The above is Haywood T. "The Kid" Kirkland. It's originally from Bloods: An Oral History of the Vietnam War by Black Veterans and I'm pulling it from Voices of a People's History of the United States edited by Howard Zinn and Anthony Arnove. (Haywood T. "The Kid" Kirkland appears on pages 440-442.) The intro to Kirkland's section notes that although African-Americans made up 12.6% of "Army personnel in Vietnam" they "accounted for more than 20 percent of the fatalities."

For President's Day, Democracy Now! did a special broadcast:

"Readings From Howard Zinn's 'Voices of a People's History of the UnitedStates:'"
Today we spend the hour with readings from a Voices of a People's History of the United States edited by historian Howard Zinn and Anthony Arnove. It is the companion volume to Zinn's legendary People's History of the United States ­ which has sold over a million copies.We will hear dramatic readings of speeches, letters, poems, songs, petitions, and manifestos. These are the voices of people throughout U.S.history who struggled against slavery, racism, and war, against oppression and exploitation, and who articulated a vision for a better world. Performances include Danny Glover as Frederick Douglass, Marisa Tomei as Cindy Sheehan, Floyd Red Crow Westerman as Tecumseh and Chief Joseph, Sandra Oh as Emma Goldman and Yuri Kochiyama, and Viggo Mortensen as Bartolomeo de Las Casas and Mark Twain.

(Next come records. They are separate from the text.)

Lemma mcoeff_pihomog k P m :
  (pihomog mdeg k P)@_m = if mdeg m == k then P@_m else 0.
Proof.
rewrite pihomogE raddf_sum /= big_mkcond [in RHS](mpolyE P) raddf_sum /=.
case: ifP => [deg_m|deg_m]; last first.
  rewrite big1 // => m' _; case: ifP => [deg_m'|_]; rewrite ?mcoeff0 // mcoeffZ mcoeffX.
  by case: eqVneq => [eq_m|_]; [rewrite -eq_m deg_m' in deg_m | rewrite mulr0].
apply: eq_bigr => m' _; rewrite mcoeffZ mcoeffX.
have [->|_] := eqVneq m' m; first by rewrite deg_m.
by case: ifP => _; rewrite ?mcoeff0 ?mcoeffZ ?mcoeffX ?mulr0.
Qed.

Lemma SymE P : Sym P = pihomog mdeg (dord P) P.
Proof. by []. Qed.

Lemma Sym_eq0 P : (Sym P == 0) = (P == 0).
Proof.
apply/eqP/eqP => [SP0|->]; last by rewrite SymE raddf0.
apply/eqP; apply: contraT => P0; move/(congr1 (mcoeff (mlead P))): SP0.
rewrite SymE mcoeff_pihomog mcoeff0 /dord -mlead_deg // eqxx.
by move/eqP; rewrite mleadc_eq0 (negbTE P0).
Qed.

Lemma msize_le_dord P : (msize P <= (dord P).+1)%N.
Proof. exact: leqSpred. Qed.

Lemma msize_dhomog k P : P != 0 -> P \is k.-homog -> msize P = k.+1.
Proof. by move=> P0 homP; rewrite (dhomog_uniq P0 homP (dhomog_msize homP)) -mpolySpred. Qed.

Lemma dord_Sym_homog P S k : Sym P = S -> S != 0 -> S \is k.-homog -> dord P = k.
Proof. by move=> <- S0; apply: dhomog_uniq S0 _; rewrite SymE pihomogP. Qed.

Lemma msize_pihomog_le k P : (msize (pihomog mdeg k P) <= msize P)%N.
Proof.
have [->|X0] := eqVneq (pihomog mdeg k P) 0; first by rewrite msize0.
rewrite -(mlead_deg X0); apply: msize_mdeg_lt.
have := mlead_supp X0; rewrite !mcoeff_msupp mcoeff_pihomog.
by case: ifP => //; rewrite eqxx.
Qed.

We'll close out this entry by (again) noting Howard Zinn's "After the War" (The Progressive):

Vietnam, however, proved to be a sobering experience, in which the American public, over a period of several years, began to see through the lies that had been told to justify all that bloodshed. The United States was forced to withdraw from Vietnam, and the world didn’t come to an end. One half of one tiny country in Southeast Asia was now joined to its communist other half, and 58,000 American lives and millions of Vietnamese lives had been expended to prevent that. A majority of Americans had come to oppose that war, which had provoked the largest anti-war movement in the nation’s history.
The war in Vietnam ended with a public fed up with war. I believe that the American people, once the fog of propaganda had dissipated, had come back to a more natural state. Public opinion polls showed that people in the United States were opposed to send troops anywhere in the world, for any reason.
The Establishment was alarmed. The government set out deliberately to overcome what it called "the Vietnam syndrome." Opposition to military interventions abroad was a sickness, to be cured. And so they would wean the American public away from its unhealthy attitude, by tighter control of information, by avoiding a draft, and by engaging in short, swift wars over weak opponents (Grenada, Panama, Iraq), which didn't give the public time to develop an anti-war movement.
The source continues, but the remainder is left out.